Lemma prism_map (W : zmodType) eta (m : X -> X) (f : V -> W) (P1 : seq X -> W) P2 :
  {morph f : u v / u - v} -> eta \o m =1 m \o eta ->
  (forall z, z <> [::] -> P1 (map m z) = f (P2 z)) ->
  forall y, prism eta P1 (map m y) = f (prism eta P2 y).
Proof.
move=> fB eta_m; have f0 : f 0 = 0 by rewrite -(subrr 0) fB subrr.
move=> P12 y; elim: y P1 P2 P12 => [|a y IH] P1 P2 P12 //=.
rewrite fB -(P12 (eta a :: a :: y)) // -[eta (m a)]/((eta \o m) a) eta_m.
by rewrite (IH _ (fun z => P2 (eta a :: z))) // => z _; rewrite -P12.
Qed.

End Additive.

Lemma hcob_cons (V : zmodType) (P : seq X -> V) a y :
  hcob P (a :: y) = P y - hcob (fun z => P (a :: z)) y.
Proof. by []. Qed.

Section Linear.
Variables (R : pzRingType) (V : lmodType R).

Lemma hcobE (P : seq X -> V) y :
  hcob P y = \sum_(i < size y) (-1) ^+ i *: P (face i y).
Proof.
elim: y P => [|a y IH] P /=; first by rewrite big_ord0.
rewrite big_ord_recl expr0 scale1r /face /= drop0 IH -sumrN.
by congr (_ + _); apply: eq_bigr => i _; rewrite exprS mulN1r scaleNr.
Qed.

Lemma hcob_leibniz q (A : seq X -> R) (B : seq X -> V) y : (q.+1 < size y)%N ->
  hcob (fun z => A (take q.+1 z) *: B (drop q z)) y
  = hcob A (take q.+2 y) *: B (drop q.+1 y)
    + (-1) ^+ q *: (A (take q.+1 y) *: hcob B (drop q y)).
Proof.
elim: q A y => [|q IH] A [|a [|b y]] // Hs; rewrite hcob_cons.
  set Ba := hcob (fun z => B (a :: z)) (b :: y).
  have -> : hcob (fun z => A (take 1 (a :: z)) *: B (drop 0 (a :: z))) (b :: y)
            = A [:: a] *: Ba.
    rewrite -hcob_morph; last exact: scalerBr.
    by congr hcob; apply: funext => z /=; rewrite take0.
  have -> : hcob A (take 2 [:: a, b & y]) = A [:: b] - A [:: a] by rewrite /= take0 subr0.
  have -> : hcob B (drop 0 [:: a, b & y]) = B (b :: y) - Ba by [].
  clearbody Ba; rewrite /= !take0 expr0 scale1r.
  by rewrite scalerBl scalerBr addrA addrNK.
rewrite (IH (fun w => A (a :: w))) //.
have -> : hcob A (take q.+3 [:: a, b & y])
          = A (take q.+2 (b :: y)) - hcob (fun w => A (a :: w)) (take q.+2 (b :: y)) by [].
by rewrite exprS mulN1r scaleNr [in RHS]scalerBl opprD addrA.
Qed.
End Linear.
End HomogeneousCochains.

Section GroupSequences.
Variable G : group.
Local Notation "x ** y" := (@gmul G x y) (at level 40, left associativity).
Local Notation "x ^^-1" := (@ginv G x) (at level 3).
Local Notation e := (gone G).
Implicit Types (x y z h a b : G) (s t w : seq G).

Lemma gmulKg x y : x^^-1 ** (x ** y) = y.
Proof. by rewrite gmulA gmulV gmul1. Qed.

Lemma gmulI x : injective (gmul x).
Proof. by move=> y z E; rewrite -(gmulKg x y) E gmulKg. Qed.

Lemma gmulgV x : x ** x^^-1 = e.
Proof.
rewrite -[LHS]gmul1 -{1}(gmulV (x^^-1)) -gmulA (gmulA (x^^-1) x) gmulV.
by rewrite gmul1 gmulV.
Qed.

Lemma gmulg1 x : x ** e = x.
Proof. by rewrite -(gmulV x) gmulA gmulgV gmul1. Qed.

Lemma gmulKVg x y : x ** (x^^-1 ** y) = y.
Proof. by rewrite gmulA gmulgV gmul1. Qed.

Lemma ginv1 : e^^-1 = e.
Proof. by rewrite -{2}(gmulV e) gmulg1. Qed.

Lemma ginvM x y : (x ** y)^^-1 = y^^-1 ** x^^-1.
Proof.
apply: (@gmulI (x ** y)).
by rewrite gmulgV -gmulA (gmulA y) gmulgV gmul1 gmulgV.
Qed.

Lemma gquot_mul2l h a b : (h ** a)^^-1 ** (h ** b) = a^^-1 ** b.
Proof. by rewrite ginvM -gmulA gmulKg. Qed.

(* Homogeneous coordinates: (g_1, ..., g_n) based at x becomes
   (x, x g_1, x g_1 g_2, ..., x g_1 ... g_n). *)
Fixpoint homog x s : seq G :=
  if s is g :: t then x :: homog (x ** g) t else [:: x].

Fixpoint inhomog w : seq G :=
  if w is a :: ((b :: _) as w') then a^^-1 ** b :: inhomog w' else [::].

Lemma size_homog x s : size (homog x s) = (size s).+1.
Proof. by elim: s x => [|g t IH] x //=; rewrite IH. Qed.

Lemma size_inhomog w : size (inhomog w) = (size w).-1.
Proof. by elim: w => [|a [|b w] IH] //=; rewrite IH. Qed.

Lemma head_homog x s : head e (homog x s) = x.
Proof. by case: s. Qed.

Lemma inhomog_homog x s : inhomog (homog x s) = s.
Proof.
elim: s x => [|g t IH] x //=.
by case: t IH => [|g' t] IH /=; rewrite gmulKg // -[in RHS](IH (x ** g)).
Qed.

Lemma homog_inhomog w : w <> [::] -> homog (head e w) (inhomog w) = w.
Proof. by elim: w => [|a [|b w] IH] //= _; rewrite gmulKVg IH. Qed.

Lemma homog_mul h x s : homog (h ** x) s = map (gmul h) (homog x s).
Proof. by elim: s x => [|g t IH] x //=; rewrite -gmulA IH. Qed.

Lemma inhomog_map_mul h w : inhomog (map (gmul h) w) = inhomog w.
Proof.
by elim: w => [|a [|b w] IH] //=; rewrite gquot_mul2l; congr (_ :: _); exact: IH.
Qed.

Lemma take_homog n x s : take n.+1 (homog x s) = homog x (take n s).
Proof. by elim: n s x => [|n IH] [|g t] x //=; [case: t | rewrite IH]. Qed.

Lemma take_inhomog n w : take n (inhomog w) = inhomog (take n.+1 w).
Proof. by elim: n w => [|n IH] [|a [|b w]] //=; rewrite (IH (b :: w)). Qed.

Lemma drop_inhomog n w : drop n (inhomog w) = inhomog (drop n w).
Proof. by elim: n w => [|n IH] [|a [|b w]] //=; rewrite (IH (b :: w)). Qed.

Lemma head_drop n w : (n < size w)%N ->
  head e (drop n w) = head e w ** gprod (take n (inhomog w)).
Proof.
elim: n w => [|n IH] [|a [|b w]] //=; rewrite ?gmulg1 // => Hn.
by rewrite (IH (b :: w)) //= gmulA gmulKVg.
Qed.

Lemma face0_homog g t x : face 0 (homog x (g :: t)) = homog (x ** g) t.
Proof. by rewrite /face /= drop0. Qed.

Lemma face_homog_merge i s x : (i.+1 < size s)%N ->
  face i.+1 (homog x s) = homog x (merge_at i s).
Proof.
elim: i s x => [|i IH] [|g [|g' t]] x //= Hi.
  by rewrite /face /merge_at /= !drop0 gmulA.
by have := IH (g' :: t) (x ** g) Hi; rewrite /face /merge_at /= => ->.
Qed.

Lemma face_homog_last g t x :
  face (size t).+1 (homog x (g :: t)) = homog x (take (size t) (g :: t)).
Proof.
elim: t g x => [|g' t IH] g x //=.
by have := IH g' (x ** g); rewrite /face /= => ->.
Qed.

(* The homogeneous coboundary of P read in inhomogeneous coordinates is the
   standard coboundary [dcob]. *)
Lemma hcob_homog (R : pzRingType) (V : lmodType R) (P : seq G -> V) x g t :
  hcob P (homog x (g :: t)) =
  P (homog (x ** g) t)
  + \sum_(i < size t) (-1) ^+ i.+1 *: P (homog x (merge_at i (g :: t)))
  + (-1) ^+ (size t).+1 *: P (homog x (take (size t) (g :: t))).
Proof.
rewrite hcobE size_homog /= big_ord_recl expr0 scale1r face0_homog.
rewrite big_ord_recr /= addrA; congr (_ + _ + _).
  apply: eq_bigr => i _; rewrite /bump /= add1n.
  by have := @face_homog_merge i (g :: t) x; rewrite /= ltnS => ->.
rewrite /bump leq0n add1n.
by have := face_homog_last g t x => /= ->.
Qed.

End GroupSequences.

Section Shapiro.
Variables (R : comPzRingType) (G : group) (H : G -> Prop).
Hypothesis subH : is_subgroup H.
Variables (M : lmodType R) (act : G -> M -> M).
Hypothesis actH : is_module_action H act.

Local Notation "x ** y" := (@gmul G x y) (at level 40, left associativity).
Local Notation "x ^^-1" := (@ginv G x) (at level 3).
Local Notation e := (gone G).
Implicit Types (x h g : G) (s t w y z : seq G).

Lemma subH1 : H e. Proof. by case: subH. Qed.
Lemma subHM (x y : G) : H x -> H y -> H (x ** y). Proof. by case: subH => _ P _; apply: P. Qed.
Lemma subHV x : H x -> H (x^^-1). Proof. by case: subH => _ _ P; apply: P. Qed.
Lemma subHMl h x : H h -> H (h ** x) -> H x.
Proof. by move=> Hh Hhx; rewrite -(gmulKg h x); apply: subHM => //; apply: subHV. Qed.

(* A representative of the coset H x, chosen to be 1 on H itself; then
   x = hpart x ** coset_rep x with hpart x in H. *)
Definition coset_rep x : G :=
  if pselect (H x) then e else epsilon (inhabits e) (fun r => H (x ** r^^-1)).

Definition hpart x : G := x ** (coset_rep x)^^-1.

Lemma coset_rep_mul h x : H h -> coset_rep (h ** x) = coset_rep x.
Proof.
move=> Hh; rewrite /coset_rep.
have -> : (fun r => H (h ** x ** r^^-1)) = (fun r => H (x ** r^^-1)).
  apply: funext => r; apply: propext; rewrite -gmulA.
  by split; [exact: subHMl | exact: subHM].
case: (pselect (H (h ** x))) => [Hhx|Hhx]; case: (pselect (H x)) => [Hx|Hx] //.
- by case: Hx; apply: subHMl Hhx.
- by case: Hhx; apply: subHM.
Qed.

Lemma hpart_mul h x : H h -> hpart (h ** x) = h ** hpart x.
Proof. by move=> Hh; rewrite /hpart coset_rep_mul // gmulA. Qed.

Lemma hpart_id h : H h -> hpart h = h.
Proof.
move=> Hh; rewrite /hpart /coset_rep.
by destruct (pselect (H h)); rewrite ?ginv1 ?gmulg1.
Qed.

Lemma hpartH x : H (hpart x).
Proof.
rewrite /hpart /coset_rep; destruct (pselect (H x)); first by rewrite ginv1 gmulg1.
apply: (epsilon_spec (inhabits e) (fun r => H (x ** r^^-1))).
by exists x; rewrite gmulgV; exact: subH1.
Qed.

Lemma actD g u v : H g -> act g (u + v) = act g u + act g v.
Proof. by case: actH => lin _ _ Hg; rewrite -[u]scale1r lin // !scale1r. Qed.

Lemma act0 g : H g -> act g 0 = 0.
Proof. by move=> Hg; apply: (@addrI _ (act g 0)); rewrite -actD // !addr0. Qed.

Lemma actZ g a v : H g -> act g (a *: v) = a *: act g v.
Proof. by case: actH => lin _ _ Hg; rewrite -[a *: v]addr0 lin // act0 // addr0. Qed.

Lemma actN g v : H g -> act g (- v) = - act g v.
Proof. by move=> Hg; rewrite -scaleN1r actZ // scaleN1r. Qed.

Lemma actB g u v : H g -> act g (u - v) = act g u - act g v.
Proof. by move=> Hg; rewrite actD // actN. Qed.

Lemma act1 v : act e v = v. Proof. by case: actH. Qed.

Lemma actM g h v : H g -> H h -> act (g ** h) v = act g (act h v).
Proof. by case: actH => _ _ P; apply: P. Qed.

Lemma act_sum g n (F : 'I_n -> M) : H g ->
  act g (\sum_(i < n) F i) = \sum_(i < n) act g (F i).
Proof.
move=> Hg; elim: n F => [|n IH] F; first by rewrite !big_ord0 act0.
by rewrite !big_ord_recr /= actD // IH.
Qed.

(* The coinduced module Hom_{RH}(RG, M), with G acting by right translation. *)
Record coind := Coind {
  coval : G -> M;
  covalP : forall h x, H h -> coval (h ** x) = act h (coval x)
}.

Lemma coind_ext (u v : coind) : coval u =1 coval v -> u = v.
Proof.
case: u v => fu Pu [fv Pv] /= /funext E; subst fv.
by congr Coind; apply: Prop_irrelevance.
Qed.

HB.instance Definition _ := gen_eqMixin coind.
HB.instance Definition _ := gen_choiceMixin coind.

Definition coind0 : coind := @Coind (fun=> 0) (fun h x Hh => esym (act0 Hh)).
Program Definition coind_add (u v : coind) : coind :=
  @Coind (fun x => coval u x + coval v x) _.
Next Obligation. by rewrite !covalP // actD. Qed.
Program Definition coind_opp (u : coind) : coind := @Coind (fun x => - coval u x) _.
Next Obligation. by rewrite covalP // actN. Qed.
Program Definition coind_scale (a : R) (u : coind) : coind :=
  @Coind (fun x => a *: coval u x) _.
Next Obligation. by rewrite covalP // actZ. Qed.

ACTIVITY: Above are the entries. Output exactly the lines beginning with the line that has "(drop q y))." and ending with the line that has "by congr hcob;".

RESULT OF THIS EXERCISE:
    + (-1) ^+ q *: (A (take q.+1 y) *: hcob B (drop q y)).
Proof.
elim: q A y => [|q IH] A [|a [|b y]] // Hs; rewrite hcob_cons.
  set Ba := hcob (fun z => B (a :: z)) (b :: y).
  have -> : hcob (fun z => A (take 1 (a :: z)) *: B (drop 0 (a :: z))) (b :: y)
            = A [:: a] *: Ba.
    rewrite -hcob_morph; last exact: scalerBr.
    by congr hcob; apply: funext => z /=; rewrite take0.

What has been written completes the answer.